INSTRUCTIONS TO FOLLOW: Please take the records that follow and repeat exactly the lines starting with the line with "m.-1 m.+1 1 (-1))." and going on through the line with "Lemma skew_nilpotent_Fcoef c".

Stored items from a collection
Lemma skew_nilpotent_Ecoef c m (i : 'I_m) : valid_rank c m ->
  skew_nilpotent (vdim c m) (omega_coef c m) (Ecoef c m i).
Proof.
case: i => i hi /= hv; case h: (i.+1 < m)%N.
{ apply: (@skew_nilpotent_two_units _ _ _ i i.+1 (vdim c m - 2 - i)%N (vdim c m - 1 - i)%N 1 (-1)).
  1: by move=> a b; rewrite /Ecoef h mul1r mulN1r.
  all: case: c hv => /= hv; try sign_arith.
  all: move=> *; lia. }
case: c hv => /= hv.
{ apply: (@skew_nilpotent_two_units _ _ _ m.-1 m m m.+1 2 1).
  1: by move=> a b; rewrite /Ecoef h /munit ?subn1 mul1r.
  all: try sign_arith.
  all: try (move=> *; lia).
  all: by move=> _; apply/dvdzP; exists 1. }
{ apply: (@skew_nilpotent_one_unit _ _ _ m.-1 m 1).
  1: by move=> a b; rewrite /Ecoef h /munit ?subn1 mul1r.
  all: sign_arith. }
{ apply: (@skew_nilpotent_two_units _ _ _ m.-2 m m.-1 m.+1 1 (-1)).
  1: by move=> a b; rewrite /Ecoef h /munit ?subn2 ?subn1 mul1r mulN1r.
  all: try sign_arith.
  all: move=> *; lia. }
Qed.

Lemma skew_nilpotent_Fcoef c m (i : 'I_m) : valid_rank c m ->
  skew_nilpotent (vdim c m) (omega_coef c m) (Fcoef c m i).
Proof.
case: i => i hi /= hv; case h: (i.+1 < m)%N.
{ apply: (@skew_nilpotent_two_units _ _ _ i.+1 i (vdim c m - 1 - i)%N (vdim c m - 2 - i)%N 1 (-1)).
  1: move=> a b; rewrite /Fcoef /Ecoef h mul1r mulN1r /munit.
  1: by rewrite [(a == _) && _]andbC [(a == (_ - _)%N) && _]andbC.
  all: case: c hv => /= hv; try sign_arith.
  all: move=> *; lia. }
case: c hv => /= hv.
{ apply: (@skew_nilpotent_two_units _ _ _ m m.-1 m.+1 m 1 2).
  1: by move=> a b; rewrite /Fcoef h /munit ?subn1 mul1r.
  all: try sign_arith.
  all: try (move=> *; lia).
  all: by move=> _; apply/dvdzP; exists 1. }
{ apply: (@skew_nilpotent_one_unit _ _ _ m m.-1 1).
  1: by move=> a b; rewrite /Fcoef /Ecoef h /munit ?subn1 mul1r andbC.
  all: sign_arith. }
{ apply: (@skew_nilpotent_two_units _ _ _ m m.-2 m.+1 m.-1 1 (-1)).
  1: move=> a b; rewrite /Fcoef /Ecoef h /munit ?subn2 ?subn1 mul1r mulN1r.
  1: by rewrite [(a == _) && _]andbC [(a == m.+1) && _]andbC.
  all: try sign_arith.
  all: move=> *; lia. }
Qed.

RESULT:
{ apply: (@skew_nilpotent_two_units _ _ _ m.-2 m m.-1 m.+1 1 (-1)).
  1: by move=> a b; rewrite /Ecoef h /munit ?subn2 ?subn1 mul1r mulN1r.
  all: try sign_arith.
  all: move=> *; lia. }
Qed.

Lemma skew_nilpotent_Fcoef c m (i : 'I_m) : valid_rank c m ->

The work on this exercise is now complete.